Ignacio Camacho-ABC
Sánchez ha redoblado el poder y la confianza al jefe de su aparato de propaganda para gobernar en perenne estado de campaña
El expresidente andaluz Rodríguez de la Borbolla solía decir que una cosa es ejercer el poder y otra el Gobierno, porque el primero tiende a satisfacer un interés personal y el segundo procura resolver los problemas del pueblo. Si el presidente Sánchez estuviese interesado en gobernar habría despedido a su jefe de gabinete -un especialista en técnicas electorales- por entender que ya ha cumplido con su trabajo, y lo hubiera sustituido por un alto funcionario con experiencia en los entresijos de la gestión del Estado: un perfil como el que González y Zapatero encontraron en José Enrique Serrano. Pero en vez de eso, lo que ha hecho ha sido reforzarlo por el procedimiento de incrementar las competencias de su cargo, convirtiéndolo en otro vicepresidente de facto. La decisión inviste a Iván Redondo como centurión de los guardias pretorianos que blindarán al líder en un círculo de poder reservado, una estructura paralela que controlará los verdaderos resortes del mando.

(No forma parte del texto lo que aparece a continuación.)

Lemma split_pair_at (x0 : T) i (t : seq T) : i.+1 < size t ->
  exists a x y b, t = a ++ x :: y :: b /\ size a = i.
Proof.
move=> lt_it; have lt_i := ltnW lt_it.
exists (take i t), (nth x0 t i), (nth x0 t i.+1), (drop i.+2 t).
by rewrite -!drop_nth // cat_take_drop size_takel // ltnW.
Qed.

Lemma leqif_sumn_map (f h : T -> nat) (l : seq T) :
  (forall x, List.In x l -> f x <= h x) ->
  sumn (map f l) <= sumn (map h l) ?= iff (map f l == map h l).
Proof.
elim: l => [|x l IH] le_fh /=; first exact: leqif_refl.
rewrite eqseq_cons; apply: leqif_add; first by apply/leqif_eq/le_fh; left.
by apply: IH => y l_y; apply: le_fh; right.
Qed.

End Lists.

Section GroupFacts.
Variable G : group.
Local Notation "x * y" := (gmul x y).
Local Notation one := (gone G).
Implicit Types x y g : G.

Lemma gmulrV x : x * ginv x = one.
Proof.
have idem : (x * ginv x) * (x * ginv x) = x * ginv x.
  by rewrite -gmulA (gmulA (ginv x)) gmulV gmul1.
have := congr1 (gmul (ginv (x * ginv x))) idem.
by rewrite gmulA !gmulV gmul1 => ->.
Qed.

Lemma gmulr1 x : x * one = x.
Proof. by rewrite -(gmulV x) gmulA gmulrV gmul1. Qed.

Lemma gmulK x y : ginv x * (x * y) = y.
Proof. by rewrite gmulA gmulV gmul1. Qed.

Lemma ginvK x : ginv (ginv x) = x.
Proof. by rewrite -(gmulr1 (ginv (ginv x))) -(gmulV x) gmulK. Qed.

Lemma gmul_eq1C x y : x * y = one -> y * x = one.
Proof.
move=> /(congr1 (gmul (ginv x))); rewrite gmulK gmulr1 => ->.
exact: gmulV.
Qed.

Lemma gprod_cat (s t : seq G) : gprod (s ++ t) = gprod s * gprod t.
Proof. by elim: s => [|x s IH] /=; rewrite ?gmul1 // IH gmulA. Qed.

Lemma gprod_rcons (s : seq G) x : gprod (rcons s x) = gprod s * x.
Proof. by rewrite -cats1 gprod_cat /= gmulr1. Qed.

Lemma gprod_flatten (ss : seq (seq G)) : gprod (flatten ss) = gprod (map (@gprod G) ss).
Proof. by elim: ss => [|s ss IH] //=; rewrite gprod_cat IH. Qed.

Lemma gprod_conj g (w : seq G) :
  gprod (map (fun x => g * (x * ginv g)) w) = g * (gprod w * ginv g).
Proof.
elim: w => [|x w IH] /=; first by rewrite gmul1 gmulrV.
by rewrite IH -!gmulA gmulK.
Qed.

Lemma gprod_rotate g xL xR (mid : seq G) :
  gprod (xL :: rcons mid xR) = g -> gprod (g * (xR * ginv g) * xL :: rcons mid one) = g.
Proof.
rewrite /= !gprod_rcons gmulr1 => prod_g.
have : ginv g * (xL * gprod mid) * xR = one by rewrite -!gmulA prod_g gmulV.
by move/gmul_eq1C => rotated; rewrite -!gmulA rotated gmulr1.
Qed.

Lemma merge_cat (a b : seq G) x y :
  Defs.merge (size a) (a ++ x :: y :: b) = a ++ x * y :: b.
Proof.
rewrite /Defs.merge take_size_cat // !nth_cat ltnn subnn ltnNge leqnSn subSnn /=.
by rewrite -add2n -drop_drop drop_size_cat //= drop0.
Qed.

Lemma circ_equiv_sym (s t : seq G) : circ_equiv s t -> circ_equiv t s.
Proof. by case=> eq_size eq_nth; split=> // i; rewrite -eq_size => lt_i; rewrite eq_nth. Qed.

Lemma circ_equiv_trans (s t u : seq G) :
  circ_equiv s t -> circ_equiv t u -> circ_equiv s u.
Proof.
case=> eq_st nth_st [eq_tu nth_tu]; split; first by rewrite eq_st.
by move=> i lt_i; rewrite nth_st // nth_tu // -eq_st.
Qed.

Lemma circ_equiv_ends xL xR y z (mid : seq G) :
  circ_equiv (xL :: rcons mid xR) (y :: rcons mid z).
Proof.
split=> [|[|i] //]; rewrite /= ?size_rcons // => lt_i.
by rewrite ltnS in lt_i; rewrite !nth_rcons lt_i.
Qed.

End GroupFacts.

Section WordLength.
Variables (G : group) (X : G -> Prop).
Local Notation "x * y" := (gmul x y).
Local Notation one := (gone G).
Implicit Types x y g : G.

Lemma is_len_ell x : Mon X x -> is_len X x (ell X x).
Proof.
case=> w [Xw <-].
pose P n := exists w', all_in X w' /\ gprod w' = gprod w /\ size w' = n.
have := @Wf_nat.dec_inh_nat_subset_has_unique_least_element P
  (fun n => Classical_Prop.classic (P n)).
case=> [|m [[Pm min_m] _]]; first by exists (size w), w.
apply: (epsilon_spec (inhabits 0) (is_len X (gprod w))); exists m; split=> // w' Xw' prod_w'.
by apply/leP/min_m; exists w'.
Qed.

Lemma ell_le_size (w : seq G) : all_in X w -> ell X (gprod w) <= size w.
Proof. by move=> Xw; have [_] := @is_len_ell (gprod w) (ex_intro _ w (conj Xw erefl)); apply. Qed.

Lemma ell_word x : Mon X x -> exists w, all_in X w /\ gprod w = x /\ size w = ell X x.
Proof. by case/is_len_ell. Qed.

Lemma Mon1 : Mon X one.
Proof. by exists [::]. Qed.

Lemma ell1 : ell X one = 0.
Proof. by apply/eqP; rewrite -leqn0; apply: (@ell_le_size [::]). Qed.

Lemma ell_eq0 x : Mon X x -> ell X x = 0 -> x = one.
Proof. by case/ell_word=> [[|y w] [_ [<- <-]]]. Qed.

Lemma word_of_factors (s : seq G) : all_in (Mon X) s ->
  exists w, all_in X w /\ gprod w = gprod s /\ size w = sumn (map (ell X) s).
Proof.
elim: s => [|x s IH] Ms; first by exists [::].
have [|w [Xw [prod_w size_w]]] := IH; first by move=> y s_y; apply: Ms; right.
have [wx [Xwx [prod_wx size_wx]]] := ell_word (Ms x (or_introl erefl)).
exists (wx ++ w); split; last by rewrite gprod_cat prod_wx prod_w size_cat size_wx size_w.
by move=> y /List.in_app_iff [/Xwx | /Xw].
Qed.

Lemma ell_gprod_le (s : seq G) : all_in (Mon X) s -> ell X (gprod s) <= sumn (map (ell X) s).
Proof. by case/word_of_factors=> w [Xw [<- <-]]; apply: ell_le_size. Qed.

Lemma Mon_gprod (s : seq G) : all_in (Mon X) s -> Mon X (gprod s).
Proof. by case/word_of_factors=> w [Xw [<- _]]; exists w. Qed.

Lemma Mon_mul x y : Mon X x -> Mon X y -> Mon X (x * y).
Proof.
move=> Mx My; have := @Mon_gprod [:: x; y]; rewrite /= gmulr1.
by apply=> z [<- | [<- | []]].
Qed.

Lemma ell_mul_le x y : Mon X x -> Mon X y -> ell X (x * y) <= ell X x + ell X y.
Proof.
move=> Mx My; have := @ell_gprod_le [:: x; y]; rewrite /= gmulr1 addn0.
by apply=> z [<- | [<- | []]].
Qed.

Hypothesis X_conj : conj_closed X.

Lemma conj_word g (w : seq G) : all_in X w -> all_in X (map (fun x => g * (x * ginv g)) w).
Proof.
move=> Xw _ /List.in_map_iff [x [<- /Xw /(X_conj (ginv g))]].
by rewrite ginvK.
Qed.

Lemma Mon_conj g x : Mon X x -> Mon X (g * (x * ginv g)).
Proof.
case=> w [Xw <-]; exists (map (fun x => g * (x * ginv g)) w).
by split; [apply: conj_word | apply: gprod_conj].
Qed.

Lemma ell_conj_le g x : Mon X x -> ell X (g * (x * ginv g)) <= ell X x.
Proof.
case/ell_word=> w [Xw [<- <-]].
rewrite -gprod_conj -(size_map (fun x => g * (x * ginv g)) w).
exact/ell_le_size/conj_word.
Qed.

End WordLength.

Section Geodesic.
Variables (G : group) (X : G -> Prop).
Local Notation "x * y" := (gmul x y).
Local Notation one := (gone G).
Implicit Types x y g : G.

Definition geodesic_fact g (s : seq G) :=
  [/\ all_in (Mon X) s, gprod s = g & sumn (map (ell X) s) = ell X g].

Lemma LinFact_geodesic g s : LinFact X g s -> geodesic_fact g s.
Proof. by case. Qed.

Lemma geodesic_merge_cat g (a b : seq G) x y :
  geodesic_fact g (a ++ x :: y :: b) ->
  ell X (x * y) = ell X x + ell X y /\ geodesic_fact g (a ++ x * y :: b).
Proof.
case=> Ms prod_s sum_s.
have Mx : Mon X x by apply/Ms/List.in_app_iff; right; left.
have My : Mon X y by apply/Ms/List.in_app_iff; right; right; left.
have Ms' : all_in (Mon X) (a ++ x * y :: b).
  move=> z /List.in_app_iff [a_z | [<- | b_z]].
  - by apply/Ms/List.in_app_iff; left.
  - exact: Mon_mul.
  - by apply/Ms/List.in_app_iff; right; right; right.
have prod_s' : gprod (a ++ x * y :: b) = g by rewrite -prod_s !gprod_cat /= -!gmulA.
have := ell_gprod_le Ms'; have := ell_mul_le Mx My.
move: sum_s; rewrite prod_s' !map_cat !sumn_cat /= => sum_s le_xy le_s'.
have ell_xy : ell X (x * y) = ell X x + ell X y by lia.
by split=> //; split=> //; rewrite map_cat sumn_cat /=; lia.
Qed.

Lemma LmapE (s : seq G) : Lmap X s = map Posz (map (ell X) s).
Proof. by rewrite /Lmap -map_comp. Qed.

Lemma nth_Lmap (s : seq G) i : i < size s ->
  nth (gone Zgroup) (Lmap X s) i = Posz (ell X (nth one s i)).
Proof. by move=> lt_i; rewrite /Lmap (nth_map one). Qed.

Lemma geodesic_merge g i (t : seq G) : geodesic_fact g t -> i.+1 < size t ->
  geodesic_fact g (Defs.merge i t) /\ Lmap X (Defs.merge i t) = Defs.merge i (Lmap X t).
Proof.
move=> geo_t /(split_pair_at one) [a [x [y [b [def_t <-]]]]]; subst t.
have [ell_xy geo'] := geodesic_merge_cat geo_t.
rewrite merge_cat; split=> //.
rewrite /Lmap !map_cat /= -(size_map (fun x => Posz (ell X x) : Zgroup) a) merge_cat.
by rewrite ell_xy PoszD.
Qed.

Lemma fact_le_Lmap g s t : fact_le s t -> geodesic_fact g t ->
  geodesic_fact g s /\ fact_le (Lmap X s) (Lmap X t).
Proof.
elim=> {s t} [s t [i [lt_i ->]] | s | s t u _ IH_st _ IH_tu] geo.
- have [geo' Lmap_merge] := geodesic_merge geo lt_i; split=> //.
  by apply: rt_step; exists i; rewrite size_map Lmap_merge.
- by split=> //; apply: rt_refl.
- have [geo_t le_tu] := IH_tu geo; have [geo_s le_st] := IH_st geo_t.
  by split=> //; apply: rt_trans le_st le_tu.
Qed.

End Geodesic.

Lemma gprod_Zgen (w : seq Zgroup) : all_in Zgen w -> gprod w = Posz (size w).
Proof.
elim: w => [|x w IH] Zw //=; rewrite IH => [|y w_y]; last by apply: Zw; right.
by rewrite (Zw x (or_introl erefl)) /= -addn1 PoszD GRing.addrC.
Qed.

Lemma gprod_Posz (ns : seq nat) : gprod (map Posz ns : seq Zgroup) = Posz (sumn ns).
Proof. by elim: ns => [|n ns IH] //=; rewrite IH PoszD. Qed.

Lemma is_len_Zgen n : is_len Zgen (Posz n : Zgroup) n.
Proof.
have Zn : all_in Zgen (nseq n (1%R : Zgroup)) by elim: n => [|n IH] //= y [<- | /IH].
split; last by move=> w Zw; rewrite gprod_Zgen // => -[->].
by exists (nseq n 1%R); rewrite gprod_Zgen // size_nseq.
Qed.

Lemma Mon_Zgen n : Mon Zgen (Posz n : Zgroup).
Proof. by have [[w [Zw [prod_w _]]] _] := is_len_Zgen n; exists w. Qed.

Lemma ell_Zgen n : ell Zgen (Posz n : Zgroup) = n.
Proof.
have [[v [Zv [prod_v size_v]]] min_n] := is_len_Zgen n.
apply/eqP; rewrite eqn_leq; apply/andP; split.
  by rewrite -prod_v -size_v; apply: ell_le_size.
by have [[w [Zw [prod_w <-]]] _] := is_len_ell (Mon_Zgen n); apply: min_n.
Qed.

Lo significativo de la medida es que el primer ministro otorga la posición de máxima confianza al cerebro y jefe de su aparato de propaganda. Es decir, que la estrategia publicitaria ocupa entre las prioridades de La Moncloa un espacio de cenital importancia. Es en esa clave como hay que interpretar el cambio de la fecha tradicional del Consejo de Ministros, del viernes al martes, para condicionar la agenda política y mediática, que como bien explicó ayer Ramón Pérez-Maura pierde gran parte de su repercusión e influencia los fines de semana. Un truco similar lo sugería a principios de este siglo un personaje de «El ala oeste de la Casa Blanca», no en vano serie favorita del asesor plenipotenciario recién ascendido en el organigrama. Se trata de utilizar el Ejecutivo como caja de resonancia, de subordinar eso que ahora se llama, con un anglicismo, la gobernanza a una tensión comunicativa que mantenga toda la legislatura en estado perenne de campaña. De paso, el cambio colapsa el calendario de las sesiones de control y achica el campo a la oposición parlamentaria. No hay puntada sin hilo bajo la apariencia de una mera rutina burocrática.

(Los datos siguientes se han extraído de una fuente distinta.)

Lemma probA_inj_mass eps m (omega : {set 'I_m}) N n : (0 < m)%N ->
  probA eps omega N n = inj_mass N (@unifp R m) * inj_mass N (qom eps omega).
Proof.
move=> m_gt0; rewrite /probA (eq_bigl (fun w => eventA w.1.1 w.1.2 && true)); last first.
  by move=> w; rewrite andbT.
rewrite -(pair_big (fun xy => eventA xy.1 xy.2) xpredT
  (fun (xy : {ffun 'I_N -> 'I_m} * {ffun 'I_N -> 'I_m}) (z : {ffun 'I_n -> 'I_m}) =>
  \prod_(i < N) unifp R (xy.1 i) * \prod_(i < N) qom eps omega (xy.2 i)
    * \prod_(k < n) unifp R (z k))) /=.
under eq_bigr do rewrite -mulr_sumr sum_ffun_prod sum_unifp // expr1n mulr1.
rewrite /inj_mass big_distrl /=; under [RHS]eq_bigr do rewrite mulr_sumr.
by rewrite pair_big.
Qed.

Section Cons.
Variables (T : finType) (N : nat).

Definition ffun_cons (p : T * {ffun 'I_N -> T}) : {ffun 'I_N.+1 -> T} :=
  [ffun i => if unlift ord0 i is Some k then p.2 k else p.1].

Lemma ffun_cons0 j f : ffun_cons (j, f) ord0 = j.
Proof. by rewrite ffunE unlift_none. Qed.

Lemma ffun_consS j f i : ffun_cons (j, f) (lift ord0 i) = f i.
Proof. by rewrite ffunE liftK. Qed.

Lemma ffun_cons_bij : bijective ffun_cons.
Proof.
exists (fun F : {ffun 'I_N.+1 -> T} => (F ord0, [ffun k : 'I_N => F (lift ord0 k)])).
  by move=> [j f]; rewrite ffun_cons0; congr (_, _); apply/ffunP => i; rewrite ffunE ffun_consS.
move=> F; apply/ffunP => i; rewrite ffunE /=.
by case: (unliftP ord0 i) => [k ->|->]; rewrite ?ffunE.
Qed.

Lemma injectiveb_ffun_cons j f :
  injectiveb (ffun_cons (j, f)) = (j \notin codom f) && injectiveb f.
Proof.
change (uniq (codom (ffun_cons (j, f))) = (j \notin codom f) && uniq (codom f)).
suff -> : codom (ffun_cons (j, f)) = j :: codom f by [].
rewrite /codom /image_mem enum_ordSl /= ffun_cons0 -map_comp.
by congr (_ :: _); apply: eq_map => i /=; rewrite ffun_consS.
Qed.

End Cons.

Definition zero_at m (q : 'I_m -> R) (j : 'I_m) (i : 'I_m) : R :=
  if i == j then 0 else q i.

Lemma inj_mass0 m (q : 'I_m -> R) : inj_mass 0 q = 1.
Proof.
rewrite /inj_mass (eq_bigl xpredT); last by move=> y; apply/injectiveP => -[].
rewrite (eq_bigr (fun _ => 1)) => [|y _]; last by rewrite big_ord0.
by rewrite sumr_const card_ffun !card_ord expn0.
Qed.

Este Gobierno va a funcionar con una atención puntillosa, obsesiva, por la venta de su acción política. No sólo por dominar las tertulias, copar los titulares o dirigir la conversación en las redes sociales, sino por planificar su trabajo como una especie de spot constante. La comunicación no será el complemento, sino el eje, la base sobre la que planificar cada movimiento, cada iniciativa, cada proyecto. Así fue también durante el último año y medio, con la coartada de que se trataba de un mandato provisional, de un interregno limitado por la falta de mayoría en el Congreso. Pero ahora no es un recurso: es un modelo. El del concepto posmoderno de la política de diseño, a cuyo servicio las instituciones se transforman en un sonajero.